ASSIGNED TASK
Could you copy out every line of the data where the word "each" occurs?
--- START ---
(* If $X$ is a Hausdorff space with basepoint $e$, then the James reduced product $J(X)$, with the operation of word concatenation, is a pre-$\Delta$-monoid.
   Context: The James reduced product of a based space $(X,e)$ is $J(X)=\coprod_{n\in\mathbb{N}}X^n/\sim$ where $\sim$ is generated by $(x_1,\dots,x_{j-1},e,x_{j+1},\dots,x_n)\sim(x_1,\dots,x_{j-1},x_{j+1},\dots,x_n)$; elements are finite words in $X\setminus\{e\}$ (with $e$ the empty word), and word concatenation makes $J(X)$ the free monoid on $(X,e)$. Topology: $X^n$ has the product topology, $J_n(X)=q(X^n)$ (words of length $\leq n$) has the quotient topology from $q_n:X^n\to J_n(X)$, and $J(X)$ has the weak (inductive limit) topology with respect to $\{J_n(X)\}$: $C\subseteq J(X)$ is closed iff $C\cap J_n(X)$ is closed in $J_n(X)$ for all $n$. A pre-$\Delta$-monoid is a space $M$ with an associative operation $\ast$ with identity such that for any continuous paths $\alpha,\beta:[0,1]\to M$, the pointwise product $t\mapsto\alpha(t)\ast\beta(t)$ is continuous. *)

From Stdlib Require Import Reals List Classical ClassicalEpsilon.
Open Scope R_scope.

Definition topology (X : Type) := (X -> Prop) -> Prop.

Definition is_topology {X : Type} (T : topology X) : Prop :=
  T (fun _ => True) /\
  (forall U V, T U -> T V -> T (fun x => U x /\ V x)) /\
  (forall (I : Type) (F : I -> X -> Prop),
      (forall i, T (F i)) -> T (fun x => exists i, F i x)).

Definition closed {X : Type} (T : topology X) (C : X -> Prop) : Prop :=
  T (fun x => ~ C x).

Definition continuous {X Y : Type} (TX : topology X) (TY : topology Y)
  (f : X -> Y) : Prop :=
  forall V, TY V -> TX (fun x => V (f x)).

Definition hausdorff {X : Type} (T : topology X) : Prop :=
  forall x y : X, x <> y ->
    exists U V, T U /\ T V /\ U x /\ V y /\ (forall z, ~ (U z /\ V z)).

Definition R_topology : topology R :=
  fun U => forall x, U x -> exists eps, 0 < eps /\
             forall y, Rabs (y - x) < eps -> U y.

Definition I01 := {t : R | 0 <= t <= 1}.

Definition I01_topology : topology I01 :=
  fun V => exists U, R_topology U /\ forall t : I01, V t <-> U (proj1_sig t).

Definition tuple (n : nat) (X : Type) := {l : list X | length l = n}.

Definition in_box {X : Type} (Us : list (X -> Prop)) (l : list X) : Prop :=
  Forall2 (fun U x => U x) Us l.

Definition product_topology {X : Type} (T : topology X) (n : nat)
  : topology (tuple n X) :=
  fun W => forall l : tuple n X, W l ->
    exists Us : list (X -> Prop), Forall T Us /\ in_box Us (proj1_sig l) /\
      forall l' : tuple n X, in_box Us (proj1_sig l') -> W l'.

Definition quotient_topology {A B : Type} (TA : topology A) (q : A -> B)
  : topology B :=
  fun V => TA (fun a => V (q a)).

Definition weak_topology {M : Type} (A : nat -> M -> Prop)
  (T : forall n, topology {m : M | A n m}) : topology M :=
  fun U => forall n, closed (T n) (fun m => ~ U (proj1_sig m)).

(** James reduced product: reduced words (no letter equal to e). *)
Definition J (X : Type) (e : X) := {l : list X | Forall (fun x => x <> e) l}.

Definition is_not_e {X : Type} (e x : X) : bool :=
  if excluded_middle_informative (x = e) then false else true.

Lemma reduce_ok {X : Type} (e : X) (l : list X) :
  Forall (fun x => x <> e) (filter (is_not_e e) l).
Proof.
  apply Forall_forall; intros x Hx; apply filter_In in Hx as [_ Hx].
  unfold is_not_e in Hx; destruct (excluded_middle_informative (x = e));
    [discriminate | assumption].
Qed.

Definition reduce {X : Type} (e : X) (l : list X) : J X e :=
  exist _ (filter (is_not_e e) l) (reduce_ok e l).

Definition Jn_pred {X : Type} (e : X) (n : nat) (w : J X e) : Prop :=
  (length (proj1_sig w) <= n)%nat.

Definition Jn (X : Type) (e : X) (n : nat) := {w : J X e | Jn_pred e n w}.

Lemma qn_ok {X : Type} (e : X) (n : nat) (l : tuple n X) :
  Jn_pred e n (reduce e (proj1_sig l)).
Proof.
  unfold Jn_pred; simpl; destruct l as [l Hl]; simpl; rewrite <- Hl; clear Hl.
  induction l as [|a l IH]; simpl; [auto|].
  destruct (is_not_e e a); simpl; [apply le_n_S|apply le_S]; exact IH.
Qed.

Definition qn {X : Type} (e : X) (n : nat) (l : tuple n X) : Jn X e n :=
  exist _ (reduce e (proj1_sig l)) (qn_ok e n l).

Definition Jn_topology {X : Type} (T : topology X) (e : X) (n : nat)
  : topology (Jn X e n) :=
  quotient_topology (product_topology T n) (qn e n).

Definition J_topology {X : Type} (T : topology X) (e : X) : topology (J X e) :=
  weak_topology (Jn_pred e) (Jn_topology T e).

Definition J_concat {X : Type} (e : X) (u v : J X e) : J X e :=
  exist _ (proj1_sig u ++ proj1_sig v)
    (proj2 (Forall_app _ _ _) (conj (proj2_sig u) (proj2_sig v))).

Definition J_empty {X : Type} (e : X) : J X e := exist _ nil (Forall_nil _).

Definition pre_Delta_monoid {M : Type} (T : topology M)
  (op : M -> M -> M) (one : M) : Prop :=
  is_topology T /\
  (forall a b c, op (op a b) c = op a (op b c)) /\
  (forall a, op one a = a /\ op a one = a) /\
  (forall alpha beta : I01 -> M,
      continuous I01_topology T alpha -> continuous I01_topology T beta ->
      continuous I01_topology T (fun t => op (alpha t) (beta t))).

(** The word-length filtration J_n(X) is what makes J(X) x J(X) -> J(X)
    delicate, but a path only ever sees finitely many layers.  Since X is
    Hausdorff, points of X^n are closed and every word of length <= n has
    finitely many preimages in X^n (one per placement of its letters); as
    these placements act by continuous coordinate maps, each [q_n] is a closed
    map and points of J(X) are closed.  Hence a set meeting each J_n(X) in
    finitely many words is closed, and compactness of [0,1] forces every path
    into some J_N(X).  On J_N1(X) x J_N2(X) concatenation is continuous, by the
    tube lemma around the finite fibres of [q_N1] x [q_N2] in X^(N1+N2). *)

From Stdlib Require Import Reals List Lra Lia Classical ClassicalEpsilon ProofIrrelevance FunctionalExtensionality PropExtensionality.
Open Scope R_scope.

Fixpoint gather {A : Type} (M : list bool) (l : list A) : list A :=
  match M, l with
  | b :: M', x :: l' => if b then x :: gather M' l' else gather M' l'
  | _, _ => nil
  end.

Fixpoint scatter {A : Type} (e : A) (M : list bool) (l : list A) : list A :=
  match M with
  | nil => nil
  | true :: M' =>
      match l with nil => e :: scatter e M' nil | z :: l' => z :: scatter e M' l' end
  | false :: M' => e :: scatter e M' l
  end.

Fixpoint count_true (M : list bool) : nat :=
  match M with nil => 0%nat | b :: M' => if b then S (count_true M') else count_true M' end.

Fixpoint bool_lists (k : nat) : list (list bool) :=
  match k with
  | 0%nat => nil :: nil
  | S k => map (cons true) (bool_lists k) ++ map (cons false) (bool_lists k)
  end.

Definition mask_covers {A : Type} (e : A) (M : list bool) (y : list A) : Prop :=
  Forall2 (fun b z => b = false -> z = e) M y.

Lemma in_bool_lists k M : In M (bool_lists k) <-> length M = k.
Proof.
  revert M; induction k as [|k IH]; intros M; simpl.
  - split; [intros [<-|[]]; reflexivity|destruct M; [auto|discriminate]].
  - rewrite in_app_iff, !in_map_iff. split.
    + intros [(M' & <- & H)|(M' & <- & H)]; simpl; f_equal; apply IH; exact H.
    + destruct M as [|[|] M]; simpl; intros H; try discriminate; injection H as H;
        [left|right]; exists M; split; auto; apply IH; exact H.
Qed.

Lemma length_scatter {A} (e : A) M l : length (scatter e M l) = length M.
Proof. revert l; induction M as [|[|] M IH]; intros [|z l]; simpl; auto. Qed.

Lemma length_gather {A} M (l : list A) : length M = length l -> length (gather M l) = count_true M.
Proof. revert l; induction M as [|[|] M IH]; intros [|z l] H; simpl in *; try lia; auto. Qed.

Lemma count_true_map {A} (f : A -> bool) x : count_true (map f x) = length (filter f x).
Proof. induction x; simpl; auto. destruct (f a); simpl; auto. Qed.

Lemma gather_map {A} (f : A -> bool) y : gather (map f y) y = filter f y.
Proof. induction y; simpl; auto. destruct (f a); simpl; congruence. Qed.

Section Filter.
Context {A : Type} (e : A) (f : A -> bool) (f_false : forall a, f a = false <-> a = e).

Lemma scatter_filter x : scatter e (map f x) (filter f x) = x.
Proof.
  induction x as [|a x IH]; simpl; auto. destruct (f a) eqn:E; simpl.
  - congruence.
  - rewrite (proj1 (f_false a) E); congruence.
Qed.

Lemma filter_scatter M l :
  length l = count_true M -> filter f (scatter e M l) = filter f l.
Proof.
  assert (He : f e = false) by (apply f_false; reflexivity).
  revert l; induction M as [|[|] M IH]; intros [|z l] Hl; simpl in *; try lia; auto.
  - destruct (f z); [f_equal|]; apply IH; lia.
  - rewrite He; apply IH; auto.
  - rewrite He; apply IH; simpl; lia.
Qed.

Lemma filter_gather M y : mask_covers e M y -> filter f (gather M y) = filter f y.
Proof.
  intros H; induction H as [|b z M y Hb H IH]; simpl; auto. destruct b; simpl.
  - destruct (f z); congruence.
  - rewrite (Hb eq_refl), (proj2 (f_false e) eq_refl); auto.
Qed.

Lemma mask_covers_map y : mask_covers e (map f y) y.
Proof. induction y; constructor; auto. apply f_false. Qed.

End Filter.

Section PowerTopology.
Context {X : Type} (T : topology X) (HT : is_topology T).

(** The product topology on X^k, on lists of length [k] rather than on [tuple k X]. *)
Definition power_open (k : nat) (W : list X -> Prop) : Prop :=
  forall l, length l = k -> W l ->
    exists Us, Forall T Us /\ in_box Us l /\ forall l', in_box Us l' -> W l'.

Lemma in_box_length (Us : list (X -> Prop)) l : in_box Us l -> length l = length Us.
Proof. intros H; symmetry; exact (Forall2_length H). Qed.

Lemma power_open_ext k (P Q : list X -> Prop) :
  (forall l, length l = k -> (P l <-> Q l)) -> power_open k P -> power_open k Q.
Proof.
  intros Hpq HP l Hl Ql. destruct (HP l Hl (proj2 (Hpq l Hl) Ql)) as (Us & HUs & Hl' & HW).
  exists Us; repeat split; auto. intros l' Hb.
  apply Hpq; [|auto]. rewrite (in_box_length _ _ Hb), <- (in_box_length _ _ Hl'); exact Hl.
Qed.

Lemma product_topology_power_open n (W : list X -> Prop) :
  product_topology T n (fun t => W (proj1_sig t)) <-> power_open n W.
Proof.
  split.
  - intros H l Hl Wl. destruct (H (exist _ l Hl) Wl) as (Us & HUs & Hb & HW).
    exists Us; repeat split; auto. intros l' Hb'.
    assert (Hl' : length l' = n)
      by (rewrite (in_box_length _ _ Hb'), <- (in_box_length _ _ Hb); exact Hl).
    exact (HW (exist _ l' Hl') Hb').
  - intros H [l Hl] Wl. destruct (H l Hl Wl) as (Us & HUs & Hb & HW).
    exists Us; repeat split; auto.
Qed.

Lemma J_open_iff e (U : J X e -> Prop) :
  J_topology T e U <-> forall n, power_open n (fun l => U (reduce e l)).
Proof.
  unfold J_topology, weak_topology, closed, Jn_topology, quotient_topology.
  split; intros H n; specialize (H n).
  - apply (product_topology_power_open n (fun l => ~ ~ U (reduce e l))) in H.
    revert H; apply power_open_ext. intros l _; split; [apply NNPP|auto].
  - apply (product_topology_power_open n (fun l => ~ ~ U (reduce e l))).
    revert H; apply power_open_ext. intros l _; split; [auto|apply NNPP].
Qed.

Lemma in_box_trivial (l : list X) : in_box (map (fun _ _ => True) l) l.
Proof. induction l; constructor; auto. Qed.

Lemma open_trivial_box (l : list X) : Forall T (map (fun _ _ => True) l).
Proof. induction l; constructor; auto. apply HT. Qed.

Lemma power_open_true k : power_open k (fun _ => True).
Proof.
  intros l _ _. exists (map (fun _ _ => True) l).
  split; [apply open_trivial_box|split; [apply in_box_trivial|auto]].
Qed.

Lemma power_open_false k : power_open k (fun _ => False).
Proof. intros l _ []. Qed.

Lemma power_open_box k Us : Forall T Us -> power_open k (in_box Us).
Proof. intros HF l _ Hl. exists Us; auto. Qed.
--- END ---
ANSWER TO THIS TASK
    these placements act by continuous coordinate maps, each [q_n] is a closed
    map and points of J(X) are closed.  Hence a set meeting each J_n(X) in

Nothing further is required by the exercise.